Key Features of the Post Office MIS Scheme:
Fixed Monthly Income:
The main benefit of the scheme is the monthly interest payment, which provides a steady cash flow for investors.
The interest is paid on a monthly basis, which is credited directly to the account.
Interest Rate:
As of now, the interest rate is around 7.4% per annum (subject to change, depending on government notifications).
The rate is fixed for the entire tenure of the investment.
Eligibility:
Any Indian citizen can invest in the scheme.
The account can be opened by individuals, joint account holders, or minors (through a guardian).
Tenure:
The investment tenure is 5 years, and the account can be extended after maturity.
Investment Amount:
The minimum investment is ₹1,000.
The maximum limit for a single account is ₹4.5 lakh, and for a joint account, it’s ₹9 lakh.
Withdrawal:
After a period of 1 year, premature withdrawal is allowed, but it comes with a penalty.

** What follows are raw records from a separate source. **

Lemma mem_seqs_below M n s :
  (s \in seqs_below M n) = (size s == n) && all (fun x => x < M) s.
Proof.
elim: n s => [|n IHn] s; first by case: s.
case/lastP: s => [|s x].
  by apply/negbTE/allpairsP => -[[s' x'] /= [_ _ /(congr1 size)]]; rewrite size_rcons.
rewrite size_rcons eqSS all_rcons andbCA -IHn.
apply/allpairsP/andP => [[[s' x'] /= [s'_in x'_in /rcons_inj [-> ->]]] | [x_lt s_in]].
  by rewrite mem_index_iota in x'_in.
by exists (s, x); rewrite /= mem_index_iota.
Qed.

Lemma uniq_seqs_below M n : uniq (seqs_below M n).
Proof.
elim: n => [|n IHn] //=; apply: allpairs_uniq => //; first exact: iota_uniq.
by move=> [s x] [s' x'] _ _ /= /rcons_inj [-> ->].
Qed.

Lemma last_seqs_below M n s : 0 < M -> s \in seqs_below M n -> last 0 s < M.
Proof.
move=> M_gt0; rewrite mem_seqs_below => /andP[_]; case/lastP: s => // s x.
by rewrite all_rcons last_rcons => /andP[].
Qed.

Lemma card_tuple_pred_val M n (P : pred (seq nat)) :
  #|[pred a : n.-tuple 'I_M | P (map val a)]| = \sum_(s <- seqs_below M n) P s.
Proof.
rewrite -sum1_card big_mkcond /=.
rewrite (eq_bigr (fun a : n.-tuple 'I_M => nat_of_bool (P (map val a)))); last first.
  by move=> a _; rewrite inE; case: (P _).
rewrite -(big_map (fun a : n.-tuple 'I_M => map val a) xpredT (fun s => nat_of_bool (P s))).
apply/perm_big/uniq_perm; last 1 first.
- move=> s; rewrite mem_seqs_below; apply/mapP/idP => [[a _ ->] | /andP[/eqP size_s lt_sM]].
    by rewrite size_map size_tuple eqxx; apply/allP => _ /mapP[x _ ->]; exact: ltn_ord.
  have val_pmap : map val (pmap insub s : seq 'I_M) = s.
    rewrite (pmap_filter (@insubK _ _ _)) -[RHS]filter_predT.
    by apply: eq_in_filter => x /(allP lt_sM) x_lt; rewrite isSome_insub.
  have size_pmap : size (pmap insub s : seq 'I_M) == n.
    by rewrite -(size_map val) val_pmap size_s.
  by exists (Tuple size_pmap); rewrite ?mem_index_enum.
- by rewrite map_inj_uniq ?index_enum_uniq // => a b /(inj_map val_inj)/val_inj.
- exact: uniq_seqs_below.
Qed.

Lemma sum_by_last M (L : seq (seq nat)) (a : pred (seq nat)) (b : nat -> bool) :
  {in L, forall s, last 0 s < M} ->
  \sum_(s <- L) (a s && b (last 0 s)) =
  \sum_(0 <= u < M) (\sum_(s <- L) (a s && (last 0 s == u))) * b u.
Proof.
move=> last_lt; under [RHS]eq_bigr do rewrite big_distrl.
rewrite exchange_big /= !big_seq; apply: eq_bigr => s /last_lt lt_sM.
rewrite (bigD1_seq (last 0 s)) ?iota_uniq ?mem_index_iota //= eqxx andbT mulnb.
by rewrite big1 ?addn0 // => u /negbTE; rewrite eq_sym => ->; rewrite andbF.
Qed.

(* [ends_count (rev w) v] is the number of valid (a_1, ..., a_n) for the word w
   with a_n = v; the word is read from its end so that the recursion on the last
   letter is structural. *)
Fixpoint ends_count (r : seq int) (v : nat) : nat :=
  if r is p :: r' then
    \sum_(0 <= u < v.+1) ends_count r' u * step_rel (head 0%R r', u) (p, v)
  else v == 0.

Lemma last_zip (S T : Type) (x : S) (y : T) s t : size s = size t ->
  last (x, y) (zip s t) = (last x s, last y t).
Proof. by elim: s x y t => [|a s IHs] x y [|b t] //= [/IHs]. Qed.

Lemma ends_countE M w v : v < M ->
  \sum_(s <- seqs_below M (size w)) (path step_rel (0%R, 0) (zip w s) && (last 0 s == v)) =
  ends_count (rev w) v.
Proof.
elim/last_ind: w v => [|w p IHw] v lt_vM; first by rewrite big_seq1 eq_sym.
have head_rev : head 0%R (rev w) = last 0%R w.
  by case/lastP: w {IHw} => // w q; rewrite rev_rcons last_rcons.
rewrite size_rcons /= big_allpairs_dep rev_rcons /= head_rev big_seq.
under eq_bigr => s.
  rewrite mem_seqs_below => /andP[/eqP size_s _].
  under eq_bigr do rewrite zip_rcons // rcons_path last_rcons last_zip //.
  rewrite (bigD1_seq v) ?iota_uniq ?mem_index_iota //= eqxx andbT.
  rewrite big1 ?addn0 => [|u /negbTE ->]; last by rewrite andbF.
  over.
rewrite -big_seq (@sum_by_last M _ (fun s => path step_rel (0%R, 0) (zip w s))
                   (fun u => step_rel (last 0%R w, u) (p, v))) => [|s]; last first.
  by apply: last_seqs_below; apply: leq_ltn_trans lt_vM.
rewrite (big_cat_nat _ (n := v.+1)) //= [X in _ + X]big1_seq ?addn0; last first.
  move=> u /andP[_]; rewrite mem_index_iota => /andP[lt_vu _].
  by rewrite /step_rel /= leqNgt lt_vu muln0.
rewrite !big_seq; apply: eq_bigr => u; rewrite mem_index_iota => /andP[_ lt_uv].
by rewrite IHw // (leq_trans lt_uv).
Qed.

Lemma OmegaB'_ends_count n w k : size w = n ->
  OmegaB' n w k = \sum_(0 <= u < k.*2.+1) ends_count (rev w) u.
Proof.
move=> size_w; rewrite /OmegaB'.
set valid := fun s => path step_rel (0%R, 0) (zip w s).
rewrite (@eq_card _ _ [pred a : n.-tuple (Zk k) | valid (map val a) && true]); last first.
  by move=> a; rewrite !inE omega_valid_path // andbT.
rewrite (@card_tuple_pred_val _ _ (fun s => valid s && true)).
rewrite (@sum_by_last k.*2.+1 _ valid (fun=> true)).
  by apply: eq_big_nat => u /andP[_ lt_u]; rewrite muln1 -size_w ends_countE.
by move=> s; apply: last_seqs_below.
Qed.

Lemma ends_count1 p v : ends_count [:: p] v = step_rel (0%R, 0) (p, v).
Proof.
rewrite /= big_ltn // mul1n big1_seq ?addn0 // => u /andP[_].
by rewrite mem_index_iota => /andP[/gtn_eqF ->].
Qed.

Lemma ends_count0 r : (last 0%R r < 0)%R -> ends_count r 0 = 0.
Proof.
elim: r => [|p [|q r] IHr] // neg_p; rewrite /= big_nat1.
  by rewrite /step_rel /= ltNge (ltW neg_p) neg_p.
by rewrite -/(ends_count (q :: r) 0) IHr.
Qed.

Lemma ends_count_cons2 p q r v : q != p ->
  ends_count [:: p, q & r] v =
  \sum_(0 <= u < v) ends_count (q :: r) u +
  (if (q < p)%R then ~~ odd v else odd v) * ends_count (q :: r) v.
Proof.
move=> neq_qp; rewrite [LHS]/= big_nat_recr //=; congr (_ + _).
  apply: eq_big_nat => u /andP[_ lt_uv].
  by rewrite /step_rel /= ltnW // lt_uv; case: ifP => _; [|case: ifP => _]; rewrite muln1.
rewrite /step_rel /= leqnn ltnn eqxx /= /plus_type /minus_type mulnC.
by case: ifP => // not_lt; move: (lt_total neq_qp); rewrite not_lt => /= ->.
Qed.

Lemma sum_pairs (h : nat -> nat) (s0 : bool) t : (s0 -> h 0 = 0) ->
  \sum_(0 <= u < t.*2 + s0) h u = \sum_(s < t) (h (s.*2 + s0) + h (s.*2 + s0).+1).
Proof.
move=> h0; elim: t => [|t IHt].
  by case: s0 h0 => [h0|_]; rewrite ?big_nat1 ?h0 ?big_geq ?big_ord0.
by rewrite big_ord_recr /= -IHt doubleS !addSn !big_nat_recr //= addnA.
Qed.

(* The bit of the step from the letter q to the letter p says which code of a
   pair (2t + s0, 2t + s0 + 1) may be repeated: the even one after an ascent,
   the odd one after a descent. *)
Fixpoint step_bits (s0 : bool) (r : seq int) : seq bool :=
  if r is p :: ((q :: _) as r') then (if (q < p)%R then s0 else ~~ s0) :: step_bits s0 r'
  else [::].

Lemma step_bits_cons2 s0 p q r : step_bits s0 [:: p, q & r] =
  (if (q < p)%R then s0 else ~~ s0) :: step_bits s0 (q :: r).
Proof. by []. Qed.

Lemma size_step_bits s0 r : size (step_bits s0 r) = (size r).-1.
Proof. by elim: r => [|p [|q r] IHr] //=; rewrite IHr. Qed.

Local Open Scope ring_scope.

Lemma int_step_const (T : Type) (F : int -> T) :
  (forall t, F (t + 1) = F t) -> forall t, F t = F 0.
Proof.
move=> FS; elim/int_rect => [//|m IHm|m IHm].
  by rewrite -IHm -[RHS]FS; congr F; lia.
by rewrite -IHm -[LHS]FS; congr F; lia.
Qed.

The penalty is generally 2% of the principal amount if withdrawn before 3 years, and 1% after 3 years.
Taxation:
The interest earned on the MIS scheme is taxable as per the investor’s tax bracket.
TDS (Tax Deducted at Source) is applicable if the interest exceeds ₹10,000 in a financial year.
Loan Facility:
You can also avail a loan against your MIS account up to 90% of the deposit amount.
How to Open a Post Office MIS Account:
Visit your nearest post office.
Complete the application form and submit necessary documents (such as proof of identity and address).
Pay the amount you wish to invest.
You’ll receive a passbook, which will detail your investment.
Benefits:
Security: It’s a government-backed scheme, making it a low-risk investment.
Regular Income: Ideal for people looking for a reliable, monthly source of income, especially retirees.
Tax Benefits: Although interest is taxable, the scheme is exempt from capital gains tax.
Disadvantages:
Fixed Returns: The interest rate is fixed and may not keep up with inflation over time.
Taxable Interest: Interest earned is taxable and could reduce the overall returns.
Premature Withdrawal Penalty: There are penalties if you withdraw the amount before the maturity period.